Indications, Uses, Dosage, Drugs Interactions, Side effects
Phenylbutazone
Medicine Type :
Allopathy
Prescription Type:
Prescription Required
Approval :
DCGI (Drugs Controller General of India)
Schedule
Schedule H
Pharmacological Class:
Nonsteroidal Anti-inflammatory Drugs (NSAIDs),
Therapy Class:
Analgesic, Antipyretic Agents,

Phenylbutazone is a Analgesic and Antipyretic belonging to Non-Steroidal anti-inflammatory Drug

Phenylbutazone is used in the treatment of rheumatoid disorder and gout.

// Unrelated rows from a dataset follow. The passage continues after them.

(* Let $\varphi$ be a rule and $\mathbb{S}$ a pick-an-object mechanism that sequentializes $\varphi$, and let $h^A\in H^A_{\mathbb{S}}$ be any collective history of $\mathbb{S}$. Let $P\in\mathcal{P}$ be any preference profile, $\sigma^P$ the profile of straightforward strategies with respect to $P$, $a^*$ any agent, and $\sigma'$ any other strategy for $a^*$. Then there exist a set $I\subseteq O$, an ordering $\gamma$ of the elements of $I$, a preference $P^*\in\mathbb{P}$, and preferences $P'_{-a^*}$ of the agents other than $a^*$ such that $$\mathcal{O}_{a^*}|_{h^A}(\sigma^P_{a^*},\sigma^P_{-a^*})=\varphi_{a^*}\big(\gamma\oplus P_{a^*}|_{O\setminus I},\,P'_{-a^*}\big)$$ and $$\mathcal{O}_{a^*}|_{h^A}(\sigma',\sigma^P_{-a^*})=\varphi_{a^*}\big(\gamma\oplus P^*|_{O\setminus I},\,P'_{-a^*}\big).$$
   Context: Let $A=\{a_1,\dots,a_n\}$ be a finite set of agents and $O=\{o_1,\dots,o_m\}\cup\{\emptyset\}$ a finite set of object types ($\emptyset$ the null object). Each agent has a strict preference over $O$; $\mathbb{P}$ is the set of strict preferences, $\mathcal{P}=\mathbb{P}^n$ the set of profiles. An allocation is $\mu:A\to O$; a rule $\varphi$ maps profiles to allocations, $\varphi_a(P)=\varphi(P)(a)$. For a preference $Q$ and a set $J\subseteq O$, $Q|_J$ is the ordering $Q$ restricted to $J$; for an ordering $\gamma$ of $I\subseteq O$, $\gamma\oplus Q|_{O\setminus I}$ is the preference ranking the elements of $I$ first in the order $\gamma$, followed by the elements of $O\setminus I$ in the order given by $Q$. PAO mechanisms: a choice history is a finite (possibly empty) sequence $((\Omega_1,\omega_1),\dots,(\Omega_k,\omega_k))$, $\Omega_j\subseteq O$, $\omega_j\in\Omega_j$, with last choice $\omega_k$. A collective history is an $n$-tuple of choice histories ($h^{A-\emptyset}$: all empty). A menu function $\mathbb{S}$ maps collective histories to $n$-tuples of subsets of $O$, with non-empty initial menus and, afterwards, agent $i$'s menu a subset of her last menu minus her last choice. The PAO mechanism $\mathbb{S}$: in period 1 every agent chooses from her initial menu; in each later period, given the current collective history $h^A$, if all menus in $\mathbb{S}(h^A)$ are empty the procedure stops and each agent receives her last choice; otherwise agents with non-empty menus choose an element; (menu, choice) is appended to each chooser's history. $H^A_{\mathbb{S}}$ is the set of collective histories that can arise. A strategy for agent $a$ maps each pair (own past history, current menu $\Omega$) to an element of $\Omega$. The straightforward strategy w.r.t. $P_a$ always chooses the $P_a$-best element of the menu. $\mathbb{S}$ sequentializes $\varphi$ if straightforward play w.r.t. any $P$ yields $\varphi(P)$. For $h^A\in H^A_{\mathbb{S}}$ and a strategy profile $\sigma$, $\mathcal{O}_a|_{h^A}(\sigma)$ denotes agent $a$'s assignment when $\mathbb{S}$ is run starting from $h^A$ with agents following $\sigma$. *)

From mathcomp Require Import all_boot.
Set Implicit Arguments. Unset Strict Implicit. Unset Printing Implicit Defensive.
(* Let $W\in\mathbb{R}^{m\times n}$, $x_1,x_2\in\mathbb{R}^n$, $\ell(t)=(1-t)x_1+tx_2$, and let $0=t_1\le t_2\le\dots\le t_{n_t}=1$. Writing $x_{t_k}=\ell(t_k)$, we have $$\sum_{k=1}^{n_t-1}\|\operatorname{ReLU}(Wx_{t_k})-\operatorname{ReLU}(Wx_{t_{k+1}})\|_2^2\le\|\operatorname{ReLU}(Wx_1)-\operatorname{ReLU}(Wx_2)\|_2^2$$ and $$\sum_{k=1}^{n_t-1}\|\operatorname{ReLU}(Wx_{t_k})-\operatorname{ReLU}(Wx_{t_{k+1}})\|_2\le\sqrt{n_t}\,\|\operatorname{ReLU}(Wx_1)-\operatorname{ReLU}(Wx_2)\|_2.$$
   Context: $\operatorname{ReLU}(y)=\max(y,0)$ applied componentwise. *)

From mathcomp Require Import all_boot all_order all_algebra.
Set Implicit Arguments. Unset Strict Implicit. Unset Printing Implicit Defensive.
Import Order.TTheory GRing.Theory Num.Theory.
Local Open Scope ring_scope.

Definition relu (R : realDomainType) (m n : nat) (A : 'M[R]_(m, n)) : 'M[R]_(m, n) :=
  map_mx (fun y => Num.max y 0) A.

Definition sqnorm2 (R : realDomainType) (m : nat) (v : 'cV[R]_m) : R :=
  \sum_(i < m) (v i 0) ^+ 2.

Definition norm2 (R : rcfType) (m : nat) (v : 'cV[R]_m) : R :=
  Num.sqrt (sqnorm2 v).

Definition segline (R : pzRingType) (n : nat) (x1 x2 : 'cV[R]_n) (t : R) : 'cV[R]_n :=
  (1 - t) *: x1 + t *: x2.

(* Along the segment, each coordinate of ReLU(W l(t)) is the ReLU of an affine
   function of t, hence monotone in t; as the t_k increase, every coordinate
   sequence k |-> ReLU(W x_{t_k})_i is monotone, so its increments all have the
   same sign and the sum of their squares is at most the square of their sum,
   the total increment. Summing over the coordinates gives the first bound.
   The second follows from the first by Cauchy-Schwarz,
   \sum_(k < N) sqrt s_k <= sqrt (N \sum_k s_k), with N = n_t - 1 <= n_t. *)

From mathcomp Require Import all_boot all_order all_algebra.
From mathcomp Require Import ring lra zify.

Set Implicit Arguments.
Unset Strict Implicit.
Unset Printing Implicit Defensive.
Import Order.TTheory GRing.Theory Num.Theory.
Local Open Scope ring_scope.

Lemma sumr_sqr_le_sqr_sumr (R : realDomainType) (I : eqType) (r : seq I) (d : I -> R) :
  {in r, forall i, 0 <= d i} -> \sum_(i <- r) d i ^+ 2 <= (\sum_(i <- r) d i) ^+ 2.
Proof.
elim: r => [|i r IHr] d_ge0; first by rewrite !big_nil expr0n.
have di_ge0 : 0 <= d i by apply: d_ge0; rewrite mem_head.
have dr_ge0 : {in r, forall j, 0 <= d j}.
  by move=> j rj; apply: d_ge0; rewrite in_cons rj orbT.
have sum_ge0 : 0 <= \sum_(j <- r) d j by rewrite big_seq sumr_ge0.
have := IHr dr_ge0.
rewrite !big_cons sqrrD; have := mulr_ge0 di_ge0 sum_ge0; lra.
Qed.

Lemma sqr_sumr_le_card_sumr_sqr (R : realDomainType) (I : finType) (a : I -> R) :
  (\sum_i a i) ^+ 2 <= #|I|%:R * \sum_i a i ^+ 2.
Proof.
set S := \sum_i a i; set Q := \sum_i a i ^+ 2.
have double_sum : \sum_i \sum_j (a i - a j) ^+ 2 = (#|I|%:R * Q - S ^+ 2) *+ 2.
  have diag_l : \sum_i \sum_(j : I) a i ^+ 2 = #|I|%:R * Q.
    by rewrite mulr_sumr; apply: eq_bigr => i _; rewrite sumr_const mulr_natl.
  have diag_r : \sum_(i : I) \sum_j a j ^+ 2 = #|I|%:R * Q.
    by rewrite sumr_const mulr_natl.
  have cross : \sum_i \sum_j a i * a j = S ^+ 2.
    by rewrite expr2 mulr_suml; apply: eq_bigr => i _; rewrite mulr_sumr.
  have -> : (#|I|%:R * Q - S ^+ 2) *+ 2 =
      \sum_i \sum_(j : I) a i ^+ 2 + \sum_(i : I) \sum_j a j ^+ 2
      - (\sum_i \sum_j a i * a j) *+ 2 by rewrite diag_l diag_r cross; ring.
  rewrite -big_split -sumrMnl -sumrB /=; apply: eq_bigr => i _.
  rewrite -big_split -sumrMnl -sumrB /=; apply: eq_bigr => j _; ring.
have : 0 <= \sum_i \sum_j (a i - a j) ^+ 2.
  by apply: sumr_ge0 => i _; apply: sumr_ge0 => j _; exact: sqr_ge0.
by rewrite double_sum pmulrn_lge0 // subr_ge0.
Qed.

Lemma sumr_sqrt_le_sqrt_card_sumr (R : rcfType) (I : finType) (s : I -> R) :
  (forall i, 0 <= s i) ->
  \sum_i Num.sqrt (s i) <= Num.sqrt (#|I|%:R * \sum_i s i).
Proof.
move=> s_ge0.
have sum_ge0 : 0 <= \sum_i Num.sqrt (s i) by apply: sumr_ge0 => i _; exact: sqrtr_ge0.
rewrite -(ger0_norm sum_ge0) -sqrtr_sqr ler_sqrt; last first.
  by apply: mulr_ge0; [exact: ler0n | exact: sumr_ge0].
under [X in _ <= _ * X]eq_bigr => i _ do rewrite -[s i]sqr_sqrtr //.
exact: sqr_sumr_le_card_sumr_sqr.
Qed.

Definition monotone_upto (R : numDomainType) (N : nat) (g : nat -> R) : Prop :=
  (forall k, (k < N)%N -> g k <= g k.+1) \/ (forall k, (k < N)%N -> g k.+1 <= g k).

Lemma sumr_sqr_steps_le (R : realDomainType) (N : nat) (g : nat -> R) :
  monotone_upto N g -> \sum_(0 <= k < N) (g k - g k.+1) ^+ 2 <= (g 0%N - g N) ^+ 2.
Proof.
wlog g_homo : g / forall k, (k < N)%N -> g k <= g k.+1.
  move=> nondecr [g_homo | g_anti]; first by apply: nondecr => //; left.
  have opp_homo k : (k < N)%N -> - g k <= - g k.+1 by move/g_anti; rewrite lerN2.
  have := nondecr _ opp_homo (or_introl opp_homo).
  by under eq_bigr do rewrite -opprD sqrrN; rewrite -opprD sqrrN.
move=> _.
rewrite -sqrrN opprB -telescope_sumr //.
under eq_bigr => k _ do rewrite -sqrrN opprB.
apply: sumr_sqr_le_sqr_sumr => k; rewrite mem_index_iota subr_ge0 => /andP[_].
exact: g_homo.
Qed.

Lemma monotone_upto_comp (R : numDomainType) (f : R -> R) (t : nat -> R) (N : nat) :
  {homo f : x y / x <= y} \/ {homo f : x y /~ x <= y} ->
  (forall k, (k < N)%N -> t k <= t k.+1) -> monotone_upto N (f \o t).
Proof.
by case=> f_mono t_homo; [left | right] => k /t_homo /f_mono.
Qed.

Lemma relu_lerp_monotone (R : realDomainType) (a b : R) :
  let f s := Num.max ((1 - s) * a + s * b) 0 in
  {homo f : x y / x <= y} \/ {homo f : x y /~ x <= y}.
Proof.
have lerp_step s s' : (1 - s') * a + s' * b - ((1 - s) * a + s * b) = (s' - s) * (b - a).
  by ring.
have [ab | ba] := lerP a b; [left | right] => s s' ss'; apply: le_max2 => //;
  rewrite -subr_ge0 ?lerp_step.
- by apply: mulr_ge0; rewrite subr_ge0.
- by apply: mulr_le0; rewrite subr_le0 // ltW.
Qed.

Lemma sqnorm2_ge0 (R : realDomainType) (m : nat) (v : 'cV[R]_m) : 0 <= sqnorm2 v.
Proof. by apply: sumr_ge0 => i _; exact: sqr_ge0. Qed.

Lemma segline0 (R : pzRingType) (n : nat) (x1 x2 : 'cV[R]_n) : segline x1 x2 0 = x1.
Proof. by rewrite /segline subr0 scale1r scale0r addr0. Qed.

Lemma segline1 (R : pzRingType) (n : nat) (x1 x2 : 'cV[R]_n) : segline x1 x2 1 = x2.
Proof. by rewrite /segline subrr scale0r scale1r add0r. Qed.

Lemma mulmx_segline (R : comPzRingType) (m n : nat) (W : 'M[R]_(m, n)) (x1 x2 : 'cV[R]_n) s :
  W *m segline x1 x2 s = segline (W *m x1) (W *m x2) s.
Proof. by rewrite /segline mulmxDr !scalemxAr. Qed.

Lemma sum_sqnorm2_relu_segline_le (R : realDomainType) (m : nat) (y1 y2 : 'cV[R]_m)
    (t : nat -> R) (N : nat) :
  (forall k, (k < N)%N -> t k <= t k.+1) ->
  \sum_(0 <= k < N) sqnorm2 (relu (segline y1 y2 (t k)) - relu (segline y1 y2 (t k.+1)))
    <= sqnorm2 (relu (segline y1 y2 (t 0%N)) - relu (segline y1 y2 (t N))).
Proof.
move=> t_homo; rewrite /sqnorm2 exchange_big /=; apply: ler_sum => i _.
have := sumr_sqr_steps_le (monotone_upto_comp (relu_lerp_monotone (y1 i 0) (y2 i 0)) t_homo).
by under eq_bigr do rewrite !mxE; rewrite !mxE.
Qed.

(* The paper's t_1, ..., t_{n_t} are t 0, ..., t nt.-1. *)
Theorem lemma15 (R : rcfType) (m n : nat) (W : 'M[R]_(m, n))
  (x1 x2 : 'cV[R]_n) (nt : nat) (t : nat -> R) :
  (0 < nt)%N ->
  t 0%N = 0 -> t nt.-1 = 1 ->
  (forall k : nat, (k.+1 < nt)%N -> t k <= t k.+1) ->
  \sum_(0 <= k < nt.-1)
     sqnorm2 (relu (W *m segline x1 x2 (t k)) - relu (W *m segline x1 x2 (t k.+1)))
    <= sqnorm2 (relu (W *m x1) - relu (W *m x2))
  /\
  \sum_(0 <= k < nt.-1)
     norm2 (relu (W *m segline x1 x2 (t k)) - relu (W *m segline x1 x2 (t k.+1)))
    <= Num.sqrt (nt%:R) * norm2 (relu (W *m x1) - relu (W *m x2)).
Proof.
move=> nt_gt0 t0 t1 t_homo.
have t_homo' k : (k < nt.-1)%N -> t k <= t k.+1 by move=> k_lt; apply: t_homo; lia.
have sq_bound := sum_sqnorm2_relu_segline_le (W *m x1) (W *m x2) t_homo'.
rewrite t0 t1 segline0 segline1 in sq_bound.
under eq_bigr do rewrite !mulmx_segline.
split=> //.
under eq_bigr do rewrite !mulmx_segline.
rewrite /norm2 big_mkord; rewrite big_mkord in sq_bound.
apply: le_trans (sumr_sqrt_le_sqrt_card_sumr (fun k : 'I_nt.-1 => sqnorm2_ge0 _)) _.
rewrite card_ord -sqrtrM ?ler0n // ler_sqrt; last by rewrite mulr_ge0 ?ler0n ?sqnorm2_ge0.
apply: ler_pM; rewrite ?ler0n ?sumr_ge0 //; first by move=> k _; exact: sqnorm2_ge0.
by rewrite ler_nat; lia.
Qed.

Phenylbutazone is Well absorbed from GI tract and get distributed in Most body tissues and synovial spaces; protein binding: 98% with Hepatic metabolism and get excreted Via urine as metabolites (99%).

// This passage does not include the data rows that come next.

Theorem lemma3p10 (R : realType) (n : nat) (alpha Cg : R) :
  0 < alpha -> alpha <= 1 -> 1 <= Cg ->
  exists C : R, 0 < C /\
    forall (beta : R) (gamma : R -> 'rV[R]_n),
      alpha <= beta -> bi_holder alpha beta Cg gamma ->
      forall r : R, 0 < r -> r < 1 ->
        (Lambda (cl_nbhd (curve_image gamma) r) r
          <= (C * r `^ ((alpha - 1) / alpha))%:E)%E.
Proof.
move=> a0 _ C1; set K := ((6 * n.+1).+1 ^ n)%N.
have Cg0 : 0 < Cg by apply: lt_le_trans C1.
exists (42 * n.+1%:R * K%:R * Cg `^ alpha^-1); split.
  by rewrite !mulr_gt0 ?ltr0n ?expn_gt0 ?powR_gt0.
move=> beta gamma _ hol r r0 r1.
set A := (Cg / r) `^ alpha^-1.
have A1 : 1 <= A.
  have Cr : 1 <= Cg / r by rewrite ler_pdivlMr // mul1r; lra.
  have ai0 : 0 <= alpha^-1 by rewrite invr_ge0 ltW.
  have := @ge0_ler_powR R _ ai0 1 (Cg / r); rewrite powR1.
  by apply; rewrite // nnegrE; lra.
set N := (Num.truncn A).+1.
have AN : A <= N%:R by apply/ltW/truncnS_gt.
have NA : N%:R <= A + 1 by rewrite -natr1 lerD2r truncn_le; lra.
apply: le_trans (Lambda_nbhd_curve_le r0 (ltn0Sn _) (bi_holder_mesh a0 Cg0 r0 hol AN)) _.
rewrite -/K lee_fin -[X in _ <= X]mulrA -mul_powR_div ?(ltW Cg0) // -/A.
have NK : (N.+1 * K)%:R <= 3 * A * K%:R by rewrite natrM -natr1 ler_wpM2r //; lra.
rewrite [X in _ <= X](_ : _ = 14 * n.+1%:R * r * (3 * A * K%:R)); last by ring.
apply: ler_pM; rewrite ?mulr_ge0 ?ler_wpM2l ?ler_nat ?(ltW r0) //.
by rewrite ler_wpM2r ?(ltW r0) // ler_wpM2l // ler_nat.
Qed.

Phenylbutazone shows common side effects like vomiting, indigestion, flatulence, nausea, abdominal pain, constipation, epigastric pain, diarrhoea, large intestine carcinoma

Phenylbutazone is available in tablets and injection.

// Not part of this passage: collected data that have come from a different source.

Lemma score_bounded_below :
  exists B : R, forall q y, is_dist q -> (B%:E <= L q y)%E.
Proof.
have [L_ninfty [L_lsc _]] := HL.
have /choice[B B_le] : forall y, exists B : R, forall q, is_dist q -> (B%:E <= L q y)%E.
  by move=> y; apply: lsc_simplex_bounded_below => [q|]; [exact: L_ninfty | exact: L_lsc].
exists (- \sum_y `|B y|) => q y dq; apply: le_trans (B_le y q dq).
rewrite lee_fin lerNl (bigD1 y) //= -[X in X <= _]addr0 lerD ?sumr_ge0 //.
by rewrite ler_normr lexx orbT.
Qed.

Lemma score_mix_fin (q1 q2 : Y -> R) (t : R) y : 0 <= t <= 1 ->
  is_dist q1 -> is_dist q2 -> L q1 y != +oo%E -> L q2 y != +oo%E ->
  L (fun y' => t * q1 y' + (1 - t) * q2 y') y != +oo%E /\
  fine (L (fun y' => t * q1 y' + (1 - t) * q2 y') y) <=
    t * fine (L q1 y) + (1 - t) * fine (L q2 y).
Proof.
move=> t01 dq1 dq2 L1 L2; have [L_ninfty [_ L_convex]] := HL.
have E1 : L q1 y = (fine (L q1 y))%:E by rewrite fineK // fin_numE L1 L_ninfty.
have E2 : L q2 y = (fine (L q2 y))%:E by rewrite fineK // fin_numE L2 L_ninfty.
move: (L_convex y q1 q2 t dq1 dq2 t01) (L_ninfty _ y (is_dist_mix t01 dq1 dq2)).
rewrite E1 E2 -!EFinM -EFinD.
by case: (L _ y) => [r| |] //= _; rewrite lee_fin.
Qed.

End Score.

Section Loss.
Variables (R : realType) (X Y : finType) (L : (Y -> R) -> Y -> \bar R).
Variables (h : X -> Y -> R) (p : X * Y -> R).

Lemma ell_EFin (c : X * Y -> R) :
  (forall z, p z != 0 -> L (h z.1) z.2 = (c z)%:E) ->
  ell L h p = (\sum_z p z * c z)%:E.
Proof.
move=> Lc; rewrite /ell -sumEFin; apply: eq_bigr => z _.
by have [->|pz] := eqVneq (p z) 0; rewrite ?mul0e ?mul0r // Lc // EFinM.
Qed.

Lemma ell_ge (c : X * Y -> R) : (forall z, 0 <= p z) ->
  (forall z, ((c z)%:E <= L (h z.1) z.2)%E) ->
  ((\sum_z p z * c z)%:E <= ell L h p)%E.
Proof.
move=> p_ge0 cL; rewrite /ell -sumEFin; apply: lee_sum => z _.
by rewrite EFinM lee_wpmul2l ?lee_fin.
Qed.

Phenylbutazone is available in India, Germany, Canada, France, USA.

Phenylbutazone binds to and inactivates prostaglandin H synthase and prostacyclin synthase through peroxide (H2O2) mediated deactivation. The reduced production of prostaglandin leads to reduced inflammation of the surrounding tissues.

Phenylbutazone is available in the form of tablets and injection.

Phenylbutazone is used in the treatment of rheumatoid disorder and gout.

Phenylbutazone is derived from pyrazolone and is an NSAID used only in acute conditions due to its toxicity. It has anti-inflammatory, antipyretic, uricosuric, and analgesic properties; these actions are due primarily to prostaglandin inhibition, leukocyte migration inhibition, and lysosomal enzyme stabilization.

Phenylbutazone is approved for use in the following clinical indications

rheumatoid disorder and gout.

Oral

Rheumatic disorders

Adult: Up to 600 mg daily in divided doses. Reduce dose to the lowest effective dose after 1-3 days. Usual max: Up to 1 wk.

Oral

Acute gout

Adult: Up to 800 mg daily may be needed. Reduce to the lowest effective dose after 1-3 days. Usual max duration: Up to 1 wk.

Phenylbutazone is available in the dosage strength of 100 mg, 200 mg/ml.

Phenylbutazone is available in the form of tablets and injection.

Take after eating and with a full glass of water to decrease gastric upset.

Phenylbutazone is contraindicated in patients with:

Phenylbutazone should not be administered to animals with serious hepatic, renal or cardiac pathology, or those with a history of blood dyscrasia.

  • Use with caution in animals with a history of drug allergy.

Stop medication at the first sign of gastrointestinal upset, jaundice or blood dyscrasia. Authenticated cases of agranulocytosis associated with phenylbutazone have occured in man. Phenylbutazone induced blood dyscrasias have been reported in dogs. Throbocytopenia and leukopenia are early manifestations followed by nonregenerative anemia. The occurrence of this reaction is not dose depended and is unpredictable. To guard against this possibility, conduct routine blood counts at not more than 7 day intervals during the early course of therapy, and at intervals of not more than 14 days throughout the course of therapy. Any significant fall in the total white count, relative decrease in granulocytes or black or tarry stools should be regarded as a signal for immediate cessation of therapy and institution of appropriate treatment.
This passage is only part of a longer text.